As we have learned a bit about this protocol, let’s quickly understand what’s so special about this protocol.
Before we delve deep, it is important to note that Compound is an entirely open protocol, which indicates that the lending process neither involves lengthy paperwork nor any intermediaries.
The compound protocol offers users a positive yield while storing assets. When dealing with Compound, a user can simply specify the asset he desires, and unlike traditional exchange, the transaction takes place instantly. Borrowers and lenders don’t have to negotiate interest rates or maturity dates. Moreover, there are no pre-defined terms; one can use the protocol as short or as long as they want and can withdraw or repay at any point in time. In this, users don’t have to wait for days or months for their loan to get matured as transactional processing is instantaneous.
How are Interest Rates Managed in Compound?
The compound protocol enables borrowers and lenders to interact directly with the protocol, rather than exchanging digital assets with one another. Now comes the question, how interest rates are set in this protocol?
Interest rates are a function of the liquidity available in each money market. Such rates fluctuate in real-time on the basis of supply and demand for the underlying asset. Here it is important to note that interest rates and liquidity are closely related, i.e., when liquidity is abundant, then interest rates are dropped while when liquidity becomes scarce, interest rates increase up. It is as simple as that.
Understanding the Concept of Lending & Borrowing Assets
Now, without any further delay, let’s understand how fair and transparent the lending and borrowing process of the Compound is.

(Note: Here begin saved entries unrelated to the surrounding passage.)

(* Let $\Omega$ be a verification operator for $|\Psi\rangle$ with second largest eigenvalue $\beta$ and smallest eigenvalue $\tau$, and $N\ge1$ an integer. Then $\eta(N,0,\Omega)=\delta_{\mathrm c}$, where $\delta_{\mathrm c}=\beta^N$ if $\tau>0$ and $\delta_{\mathrm c}=\max\{\beta^N,1/(N+1)\}$ if $\tau=0$.
   Context: Let $\mathcal H$ be a Hilbert space of finite dimension $D\ge2$ and $|\Psi\rangle\in\mathcal H$ a unit vector. A verification operator for $|\Psi\rangle$ is a Hermitian operator $\Omega$ on $\mathcal H$ with $0\le\Omega\le1$, $\Omega|\Psi\rangle=|\Psi\rangle$, whose eigenvalue $1$ is nondegenerate. For a density operator $\rho$ on $\mathcal H^{\otimes(N+1)}$ put $p_\rho=\mathrm{tr}[(\Omega^{\otimes N}\otimes1)\rho]$ and $f_\rho=\mathrm{tr}[(\Omega^{\otimes N}\otimes|\Psi\rangle\langle\Psi|)\rho]$, and for $0\le f\le1$ let $\eta(N,f,\Omega)=\max\{p_\rho:f_\rho\le f\}$, the maximum over permutation-invariant density operators on $\mathcal H^{\otimes(N+1)}$. *)

(* Operators on H = C^D are D x D matrices;
   operators on H^{(x)(N+1)} are represented by their kernels T -> T -> C,
   where T = {ffun 'I_(N+1) -> 'I_D} is the computational basis of the tensor
   power (basis vector |x_0 ... x_N>, factor N being the last one). *)
From HB Require Import structures.
From mathcomp Require Import all_boot all_order all_algebra.
From mathcomp Require Import fingroup perm.
From mathcomp Require Import complex.
Set Implicit Arguments. Unset Strict Implicit. Unset Printing Implicit Defensive.
Import Order.TTheory GRing.Theory Num.Theory.
Local Open Scope ring_scope.
Lemma action_homeo g : homeo (alpha g).
Proof.
case: act => a1 aM ac; split => //; exists (alpha g^-1)%g; split => // x.
  by rewrite -[alpha _ (alpha _ x)]/((alpha _ \o alpha _) x) -aM mulVg a1.
by rewrite -[alpha _ (alpha _ x)]/((alpha _ \o alpha _) x) -aM mulgV a1.
Qed.

Lemma action_full g : full_group alpha (alpha g).
Proof.
split; first exact: action_homeo.
exists 1%N, (fun=> setT), (fun=> g); split => //; split => [_|i j _ _ _|x].
- exact: clopenT.
- by rewrite !ord1.
- by exists ord0.
Qed.

Lemma full_group_id : full_group alpha id.
Proof. by case: act => a1 _ _; rewrite -a1; exact: action_full. Qed.

Lemma equidec_move (P : set (X * nat)) f s :
  clopenY P -> full_group alpha f -> bijective s -> equidec alpha P (moveY f s @` P).
Proof.
move=> cP [[_ [f' [_ fK _]]] [n [Q [gam [[cQ tQ covQ] fQ]]]]] bs.
exists n, (fun i => P `&` fst @^-1` Q i), gam, (fun=> s); split.
- move=> i; split => // k.
  by rewrite -[X in clopen X]/([set x | P (x, k)] `&` Q i); exact: clopenI.
- by move=> i j _ _ [[x k] [[_ Qi] [_ Qj]]]; apply: tQ => //; exists x.
- apply/seteqP; split => [[x k] Pxk|p [i _ []//]].
  by case: (covQ x) => i Qi; exists i.
- move=> i j _ _ [_ [[[x1 k1] [_ Q1] <-] [[x2 k2] [_ Q2] e]]].
  apply: tQ => //; exists x1; split => //; move: e.
  rewrite /actY /= -(fQ _ _ Q1) -(fQ _ _ Q2) => -[e _].
  by rewrite -(can_inj fK e).
- apply/seteqP; split => [_ [[x k] Pxk <-]|_ [i _ [[x k] [Pxk Qx] <-]]].
    case: (covQ x) => i Qi; exists i => //; exists (x, k) => //.
    by rewrite /actY /moveY /= (fQ _ _ Qi).
  by exists (x, k) => //; rewrite /actY /moveY /= (fQ _ _ Qx).
Qed.

Lemma equidec_refl (P : set (X * nat)) : clopenY P -> equidec alpha P P.
Proof.
move=> cP; have bid : bijective (@id nat) by exists id.
have := equidec_move cP full_group_id bid.
have -> // : moveY id id @` P = P.
by apply/seteqP; split => [_ [[x k] Pxk <-]//|p Pp]; exists p => //; case: p Pp.
Qed.

Lemma equidec_set0 : equidec alpha set0 set0.
Proof.
exists 0%N, (fun=> set0), (fun=> 1%g), (fun=> id).
by split; try by [case|apply/seteqP; split => // p [[]]].
Qed.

Lending Process in Compound
The lending process in Compound seems similar to that of the banking system where customers are paid for depositing their money at the bank. Similarly, in Compound, the customer has to deposit his assets in order to earn decent interest rates. With this protocol, one could earn an interest rate on their fiat money market accounts. But unlike traditional finance systems, users at any time can withdraw their assets and start earning interest. This is because there is no duration lock neither for deposits nor credits and no penalties involved when dealing with the Compound protocol.
What user has to do is connect their wallet, select the preferred assets, specify the quantity, and then enable assets. The wallet will then ask for confirmation, and the user just needs to pay a small gas fee for the same. Finally, the assets are supplied from their wallet directly to Compound, and one can instantly begin earning interest.
Just like lending, the borrowing process is easy and instantaneous in the compound protocol. To have zero counterparty risk, in the compound protocol, borrowers have to deposit collaterals, and in fact, they are not allowed to exceed their capacity of borrowing. Thus, it does not allow borrowers to borrow or redeem that would raise the value of their borrowed assets above their capacity. Compound maintains excess collateral to ensure that there are nearly zero risks of a borrower defaulting.
Conclusion- Is Compound Safe?
Many blockchain professionals believe that the Compound is a reliable and trusted protocol for lending and borrowing as so far it has have not been breached by hackers. But the risks associated with it shouldn’t be overlooked in any sense. Many products are coming up that relies on Compound’s smart contracts, which ensure that protocol is efficient in offering the desired viable solutions. The Compound’s main design goals, such as avoiding credit risk, providing liquidity, and frequent adjustment of interest rates, is what makes this protocol unique.